Во-вторых, рифма, правда, не отделяется здесь от духовного смысла корневых слогов как таковых и представлений в целом, но одновременно она способствует относительно самостоятельной значимости чувственного звучания. Этой цели можно достигнуть только тогда, когда манера, в которой звучат одни слова, отличается от того, как слышатся другие, и в такой изоляции звучание обретает независимое внешнее бытие, восстанавливая права чувственной стихии этими мощными усилиями материала. Поэтому в сравнении с всеохватывающим ритмическим благозвучием рифма представляет собой обособленное, отдельно вычлененное звучание.

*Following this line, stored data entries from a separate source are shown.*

Lemma ipH_row_sum_le (gamma : R) (q N u : nat) :
  1 / 2 < gamma < 1 -> (2 - 2 * gamma) * INR q < 1 -> (u < N)%nat ->
  sumN N (fun v => Rabs (ipH gamma N u v) ^ q) <=
  2 * 3 ^ q / (1 - (2 - 2 * gamma) * INR q) * Rpower (INR N) (1 - 2 * INR q).
Proof.
  intros Hg Hbeta Hu.
  set (beta := (2 - 2 * gamma) * INR q) in *.
  assert (beta_ge0 : 0 <= beta) by (pose proof (pos_INR q); unfold beta; nra).
  assert (HN : 0 < INR N) by (apply lt_0_INR; lia).
  set (F := fun x => Rabs (d2pow (2 * gamma) x) ^ q).
  set (scale := (/ 2) ^ q * Rpower (INR N) (- (2 * gamma) * INR q)).
  assert (scale_ge0 : 0 <= scale)
    by (unfold scale; apply Rmult_le_pos; [apply pow_le; lra|left; apply Rpower_pos]).
  rewrite (sumN_ext N _ (fun v => scale * F (INR v - INR u))).
  2: { intros v _. rewrite ipH_sym, ipH_d2pow. unfold scale, F.
       rewrite !Rabs_mult, (Rabs_pos_eq (/ 2)), (Rabs_pos_eq (Rpower _ _)), !Rpow_mult_distr,
         Rpower_pow_l by (lra || apply Rlt_le, Rpower_pos). reflexivity. }
  rewrite sumN_scal.
  assert (HF : sumN N (fun v => F (INR v - INR u)) <=
               2 * (6 ^ q * (Rpower (INR N) (1 - beta) / (1 - beta)))).
  { eapply Rle_trans.
    - apply (sumN_even_diff_le F (fun n => 6 ^ q * Rpower (INR n + 1) (- beta)));
        [intros x; unfold F; rewrite d2pow_opp; reflexivity
        |intros n; apply Rmult_le_pos; [apply pow_le; lra|left; apply Rpower_pos]
        |intros n|exact Hu].
      unfold F. replace (- beta) with ((2 * gamma - 2) * INR q) by (unfold beta; ring).
      rewrite <- Rpower_pow_l, <- Rpow_mult_distr by (pose proof (pos_INR n); lra).
      apply pow_incr. split; [apply Rabs_pos|apply d2pow_abs_le; lra].
    - rewrite sumN_scal. apply Rmult_le_compat_l; [lra|].
      apply Rmult_le_compat_l; [apply pow_le; lra|].
      apply sumN_Rpower_le; [lra|lia]. }
  apply Rle_trans with (scale * (2 * (6 ^ q * (Rpower (INR N) (1 - beta) / (1 - beta))))).
  { apply Rmult_le_compat_l; assumption. }
  right. unfold scale, Rdiv.
  replace (Rpower (INR N) (1 - 2 * INR q))
    with (Rpower (INR N) (- (2 * gamma) * INR q) * Rpower (INR N) (1 - beta))
    by (rewrite <- Rpower_plus; f_equal; unfold beta; ring).
  replace (3 ^ q) with ((/ 2) ^ q * 6 ^ q) by (rewrite <- Rpow_mult_distr; f_equal; field).
  ring.
Qed.

Lemma pow_Rpower_cancel (x : R) (q : nat) : 0 < x -> (1 <= q)%nat ->
  x ^ (4 * q - 4) * (x ^ 2 * Rpower x (1 - 2 * INR q) ^ 2) = 1.
Proof.
  intros Hx Hq.
  rewrite <- !Rpower_pow, Rpower_pow_l, <- !Rpower_plus by assumption.
  rewrite minus_INR, mult_INR by lia.
  transitivity (Rpower x 0); [f_equal; simpl; ring|apply Rpower_O, Hx].
Qed.
(* For a semi-abelian category $\mathcal C$ the following are equivalent: (i) every composite of two normal monomorphisms in $\mathcal C$ is a normal monomorphism; (ii) in $\mathcal C$, every pushout of a normal monomorphism along a regular epimorphism is a monomorphism (necessarily normal).
   Context: Semi-abelian category: pointed, Barr-exact, protomodular, with binary coproducts. A normal monomorphism is a kernel of some morphism; a regular epimorphism is a coequaliser of some pair (in this context, a cokernel). *)

Set Implicit Arguments.
Set Universe Polymorphism.

Record Category := {
  Ob :> Type;
  Hom : Ob -> Ob -> Type;
  comp : forall {a b c : Ob}, Hom b c -> Hom a b -> Hom a c;
  idm : forall (a : Ob), Hom a a;
  comp_assoc : forall a b c d (f : Hom a b) (g : Hom b c) (h : Hom c d),
      comp h (comp g f) = comp (comp h g) f;
  comp_id_l : forall a b (f : Hom a b), comp (idm b) f = f;
  comp_id_r : forall a b (f : Hom a b), comp f (idm a) = f
}.

Arguments Hom {C} : rename.
Arguments comp {C a b c} : rename.
Arguments idm {C} : rename.

Notation "g ⊚ f" := (comp g f) (at level 40, left associativity).

Section CatDefs.
Context {C : Category}.

Definition is_mono {X Y : C} (f : Hom X Y) : Prop :=
  forall (Z : C) (g h : Hom Z X), f ⊚ g = f ⊚ h -> g = h.

Definition is_iso {X Y : C} (f : Hom X Y) : Prop :=
  exists g : Hom Y X, g ⊚ f = idm X /\ f ⊚ g = idm Y.

Definition is_initial (I : C) : Prop :=
  forall X : C, exists u : Hom I X, forall v : Hom I X, v = u.
Definition is_terminal (T : C) : Prop :=
  forall X : C, exists u : Hom X T, forall v : Hom X T, v = u.
Definition is_zero_object (Z : C) : Prop := is_initial Z /\ is_terminal Z.

Definition pointed : Prop := exists Z : C, is_zero_object Z.

Definition is_zero_mor {X Y : C} (f : Hom X Y) : Prop :=
  exists (Z : C) (u : Hom X Z) (v : Hom Z Y), is_zero_object Z /\ f = v ⊚ u.

Definition is_kernel {K X Y : C} (k : Hom K X) (f : Hom X Y) : Prop :=
  is_zero_mor (f ⊚ k) /\
  forall (W : C) (g : Hom W X), is_zero_mor (f ⊚ g) ->
    exists u : Hom W K, k ⊚ u = g /\ forall v : Hom W K, k ⊚ v = g -> v = u.

Definition is_normal_mono {K X : C} (k : Hom K X) : Prop :=
  exists (Y : C) (f : Hom X Y), is_kernel k f.
Hypothesis c_gt1 : 1 < c ^ 2.
Hypothesis A_gt1 : 1 < A.
Hypothesis a_upper : 0 < Im a.
Hypothesis sg_sqr : sg * sg = 1.
Hypothesis f_derivable : forall z, ex_derive f z.
Hypothesis f'_derivable : forall z, ex_derive (Derive f) z.
Hypothesis f'_eq : forall z, Derive f z = sg * wave_slope g A (f z).
Hypothesis f''_eq : forall z, Derive (Derive f) z = - g * sin (f z).
Hypothesis lam_sqr : (2 * RtoC g * (lam * lam) = a - RtoC A)%C.
Hypothesis kap_sqr : (kap * kap = RtoC g * RtoC g * (lam * lam) * (a * a - 1))%C.
Hypothesis mean_zero :
  RInt (fun u => Re (phase_density u) / wave_slope g A u) 0 (2 * PI) = 0.

Lemma gamma_pos : 0 < g.
Proof. unfold g, gamma. apply Rinv_0_lt_compat. lra. Qed.

Lemma gamma_c_sqr : c * c * g = 1 + g.
Proof. unfold g, gamma. simpl in c_gt1. field. lra. Qed.

Lemma Psi_neq0 z : Psi z <> 0%C.
Proof. intros E. apply (f_equal Im) in E. unfold Psi in E. rewrite Im_plus_RtoC in E. cbn in E. lra. Qed.

Lemma derive_f z : is_derive f z (Derive f z).
Proof. apply Derive_correct, f_derivable. Qed.

Lemma derive_f' z : is_derive (Derive f) z (Derive (Derive f) z).
Proof. apply Derive_correct, f'_derivable. Qed.

Lemma is_derive_Psi z : is_derive Psi z (dPsi z).
Proof.
  eapply is_derive_Cvalue.
  - apply is_derive_Cplus; [apply is_derive_Cconst |].
    apply is_derive_RtoC, (is_derive_comp cos); [apply is_derive_cos | apply derive_f].
  - unfold dPsi. rewrite <- RtoC_plus. f_equal. unfold scal; cbn; unfold mult; cbn. ring.
Qed.

Lemma is_derive_dPsi z : is_derive dPsi z (ddPsi z).
Proof.
  apply is_derive_RtoC. eapply is_derive_Rvalue.
  - apply (is_derive_opp (fun t => sin (f t) * Derive f t)), is_derive_Rmult;
      [apply (is_derive_comp sin); [apply is_derive_sin | apply derive_f] | apply derive_f'].
  - unfold opp, scal; cbn; unfold mult; cbn. ring.
Qed.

В-третьих, мы видели, что именно субъективная внутренняя жизнь должна в своем идеально-духовном сосредоточении предаваться таким звучаниям, находя в них удовлетворение. Но если рассмотренные ранее средства стихосложения с их обширным многообразием отпадают, то с чувственной стороны для такого вслушивания в самое себя остается только одно — более формальный принцип повторения совершенно одинаковых или сходных звучаний, которые затем со стороны духа могут вновь связываться с родственными значениями, выделенными и сопряженными друг с другом в звучании обозначающих их зарифмованных слов. Метр в ритмическом стихосложении выявил себя как многократно расчлененное отношение различных долгот и краткостей слогов, рифма же, с одной стороны, более материальна, а с другой стороны, более абстрактна в самой этой материальности: она есть простое напоминание духу и слуху о возвращении одинаковых или сходных звуков и значений, о возвращении, в котором субъект осознает сам себя, постигая себя как деятельность полагания и вслушивания и удовлетворяясь этим.
γ. Что же касается, наконец, особых видов, на которые распадается эта новая система поэзии, поэзии преимущественно романтической, то я вкратце остановлюсь на самом главном в отношении аллитерации, ассонанса и рифмы в собственном смысле слова.
αα. Во-первых, аллитерацию в наиболее развитом виде мы находим в древней скандинавской поэзии, где она составляет основу, тогда как ассонанс и конечная рифма, которые тоже играют не последнюю роль, встречаются только в известных разновидностях стиха. Принцип рунической буквенной рифмы есть потому наиболее неполный способ рифмования, поскольку он не требует повторения целых слогов, а настаивает только на повторении одной и той же буквы, а именно первой буквы слова. Поскольку созвучие здесь выявлено слабо, то, с одной стороны, необходимо, чтобы для этой цели использовались только такие слова, которые сами по себе уже несут на своем начальном слоге значительное ударение. С другой стороны, такие слова не должны далеко отстоять друг от друга, чтобы одинаковость их начала была, по существу, заметна для слуха. В остальном же аллитерируемая буква может быть и двойной и простой согласной и даже гласной, хотя главную роль играют согласные, в соответствии с природой языка, в котором преобладает аллитерация.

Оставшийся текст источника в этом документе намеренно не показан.